(* Let $1\le k\le m$ and let $\phi_{m,k}$ be the automorphism of the free group $F_{m+k}=F(A_1,\dots,A_m,B_1,\dots,B_k)$ described below. Then $\operatorname{gr}_{\phi_{m,k}}(n)\preceq n^k$ and $\operatorname{gr}_{(\phi_{m,k})^{-1}}(n)\preceq n^k$.
   Context: $\phi_{m,k}(A_i)=A_1\cdots A_{i-1}A_iA_{i-1}^{-1}\cdots A_1^{-1}$ for $1\le i\le m$, and $\phi_{m,k}(B_j)=A_1\cdots A_m(B_1\cdots B_j)A_{j-1}^{-1}\cdots A_1^{-1}$ for $1\le j\le k$. $\operatorname{gr}_\psi(n)=\max_{x}\|\psi^n(x)\|$ over the free basis, $\|\cdot\|$ being word length. $f\preceq g$ means $f(n)\le Ag(n)+B$ for some $A>0,B\ge0$ and all $n$. *)

From mathcomp Require Import all_boot.
Set Implicit Arguments. Unset Strict Implicit. Unset Printing Implicit Defensive.

(* a letter (g, b) is x_g if b = false and x_g^{-1} if b = true *)
Definition letter := (nat * bool)%type.
Definition word := seq letter.

Definition inv_letter (x : letter) : letter := (x.1, ~~ x.2).
Definition inv_word (w : word) : word := rev (map inv_letter w).

Definition cons_red (x : letter) (acc : word) : word :=
  if acc is y :: t then (if y == inv_letter x then t else x :: acc) else [:: x].
Definition reduce (w : word) : word := foldr cons_red [::] w.

Definition endo := nat -> word.
Definition apply_endo (f : endo) (w : word) : word :=
  reduce (flatten (map (fun x : letter => if x.2 then inv_word (f x.1) else f x.1) w)).

Definition gen (g : nat) : word := [:: (g, false)].

Definition gr (f : endo) (r : nat) (n : nat) : nat :=
  \max_(i < r) size (iter n (apply_endo f) (gen i)).

Definition growth_le_poly (G : nat -> nat) (k : nat) : Prop :=
  exists A B : nat, forall n, G n <= A * n ^ k + B.

Definition is_inverse_endo (f psi : endo) : Prop :=
  forall g, apply_endo psi (apply_endo f (gen g)) = gen g /\
            apply_endo f (apply_endo psi (gen g)) = gen g.

(* In F(A_1..A_m, B_1..B_k): A_i = x_{i-1}, B_j = x_{m+j-1}. *)
Definition Aseq (i : nat) : word := flatten [seq gen t | t <- iota 0 i].
Definition Bseq (m j : nat) : word := flatten [seq gen (m + t) | t <- iota 0 j].

(* phi_{m,k}: A_i |-> A_1..A_{i-1} A_i A_{i-1}^{-1}..A_1^{-1},
   B_j |-> A_1..A_m (B_1..B_j) A_{j-1}^{-1}..A_1^{-1};
   generators of index >= m+k (outside F_{m+k}) are fixed. *)
Definition phi (m k : nat) : endo := fun g =>
  if g < m then Aseq g ++ gen g ++ inv_word (Aseq g)
  else if g < m + k then Aseq m ++ Bseq m (g - m).+1 ++ inv_word (Aseq (g - m))
  else gen g.

From Pilot Require Import Defs.
From mathcomp Require Import all_boot zify.
From Stdlib Require Import Setoid Morphisms.
Set Implicit Arguments. Unset Strict Implicit. Unset Printing Implicit Defensive.

(* Under phi, and under any left inverse psi of phi, the n-th iterate of A_i is A_i
   conjugated by A_1^(+-n) ... A_(i-1)^(+-n), and that of B_1 is A_1^(+-n) ... A_m^(+-n) B_1,
   so both have linear length.  Both maps send B_(j+1) to u B_(j+1) v, where the iterates
   of u and v are controlled by those of B_j and of the prefixes A_1 ... A_t; hence
   |f^(n+1)(B_(j+1))| <= |f^n(B_(j+1))| + O(n^j), and summing over n raises the degree by
   one, so |f^n(B_j)| = O(n^j).  An inverse of phi is written down explicitly. *)

Lemma inv_letterK : involutive inv_letter.
Proof. by case=> g b; rewrite /inv_letter negbK. Qed.

Lemma inv_wordK : involutive inv_word.
Proof. by move=> w; rewrite /inv_word map_rev revK (mapK inv_letterK). Qed.

Lemma inv_word_cat u v : inv_word (u ++ v) = inv_word v ++ inv_word u.
Proof. by rewrite /inv_word map_cat rev_cat. Qed.

Lemma inv_word_cons x u : inv_word (x :: u) = inv_word u ++ [:: inv_letter x].
Proof. by rewrite /inv_word /= rev_cons cats1. Qed.

Lemma size_inv_word u : size (inv_word u) = size u.
Proof. by rewrite /inv_word size_rev size_map. Qed.

Definition reduced (w : word) : bool := sorted (fun x y => y != inv_letter x) w.

Lemma reduced_cons_red x w : reduced w -> reduced (cons_red x w).
Proof.
rewrite /reduced; case: w => [|y t] //= red_yt.
by case: eqP => [_|/eqP ne] /=; [exact: path_sorted red_yt | rewrite ne].
Qed.

Lemma reduced_foldr r u : reduced r -> reduced (foldr cons_red r u).
Proof. by move=> red_r; elim: u => //= x u; apply: reduced_cons_red. Qed.

Lemma reduced_reduce w : reduced (reduce w).
Proof. exact: reduced_foldr. Qed.

Lemma cons_redK x w : reduced w -> cons_red x (cons_red (inv_letter x) w) = w.
Proof.
rewrite /reduced; case: w => [|y t] /=; first by rewrite eqxx.
rewrite inv_letterK; case: (eqVneq y x) => [->|ne] /=; last by rewrite eqxx.
by case: t => [|z t] //= /andP[/negbTE ->].
Qed.

Lemma foldr_cons_red_reduce r u :
  reduced r -> foldr cons_red r (reduce u) = foldr cons_red r u.
Proof.
move=> red_r; elim: u => //= x u <-; rewrite /reduce /=.
case: (foldr cons_red [::] u) => [|y t] //=.
by case: eqP => [->|] //=; rewrite cons_redK //; apply: reduced_foldr.
Qed.

Lemma reduceK w : reduce (reduce w) = reduce w.
Proof. exact: foldr_cons_red_reduce. Qed.

Lemma reduce_cat u v : reduce (u ++ v) = reduce (reduce u ++ reduce v).
Proof.
rewrite /reduce !foldr_cat -/(reduce v) -/(reduce (reduce v)) reduceK.
by rewrite foldr_cons_red_reduce ?reduced_reduce.
Qed.

Lemma size_cons_red x w : size (cons_red x w) <= (size w).+1.
Proof. by case: w => [|y t] //=; case: eqP => //= _; apply: leqW. Qed.

Lemma size_reduce w : size (reduce w) <= size w.
Proof. by elim: w => //= x w IH; apply: leq_trans (size_cons_red _ _) _. Qed.

Lemma foldr_cons_red_catV r u : reduced r -> foldr cons_red r (u ++ inv_word u) = r.
Proof.
elim: u r => //= x u IH r red_r.
by rewrite inv_word_cons catA foldr_cat IH /= ?cons_redK ?reduced_cons_red.
Qed.

Definition eqw (u v : word) : Prop := reduce u = reduce v.
Infix "=w" := eqw (at level 70).

#[export] Instance eqw_Equivalence : Equivalence eqw.
Proof. by split; rewrite /eqw => // u v w -> ->. Qed.

#[export] Instance cat_eqw : Proper (eqw ==> eqw ==> eqw) (@cat letter).
Proof. by move=> u u' Hu v v' Hv; rewrite /eqw reduce_cat Hu Hv -reduce_cat. Qed.

Lemma reduce_eqw w : reduce w =w w.
Proof. exact: reduceK. Qed.

Lemma catwV u : u ++ inv_word u =w [::].
Proof. exact: foldr_cons_red_catV. Qed.

Lemma catVw u : inv_word u ++ u =w [::].
Proof. by rewrite -{2}(inv_wordK u) catwV. Qed.

Lemma catKw u v : inv_word u ++ u ++ v =w v.
Proof. by rewrite catA catVw. Qed.

Lemma catVKw u v : u ++ inv_word u ++ v =w v.
Proof. by rewrite catA catwV. Qed.

Lemma inv_word_reduce u : inv_word (reduce u) =w inv_word u.
Proof.
transitivity (inv_word (reduce u) ++ u ++ inv_word u); first by rewrite catwV cats0.
have E : inv_word (reduce u) ++ u =w inv_word (reduce u) ++ reduce u.
  by rewrite /eqw [RHS]reduce_cat reduceK -reduce_cat.
by rewrite catA E catVw.
Qed.

#[export] Instance inv_word_eqw : Proper (eqw ==> eqw) inv_word.
Proof. by move=> u v Huv; rewrite -inv_word_reduce Huv inv_word_reduce. Qed.

Lemma eqw_cat_solve a y b c : a ++ y ++ b =w c -> y =w inv_word a ++ c ++ inv_word b.
Proof. by move=> <-; rewrite -!catA catKw catwV cats0. Qed.

Definition img (f : endo) (x : letter) : word :=
  if x.2 then inv_word (f x.1) else f x.1.
Definition subst (f : endo) (w : word) : word := flatten (map (img f) w).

## Assigned task
From the data above, give the number of lines that hold "catwV", without anything else.

## Solution to this problem
5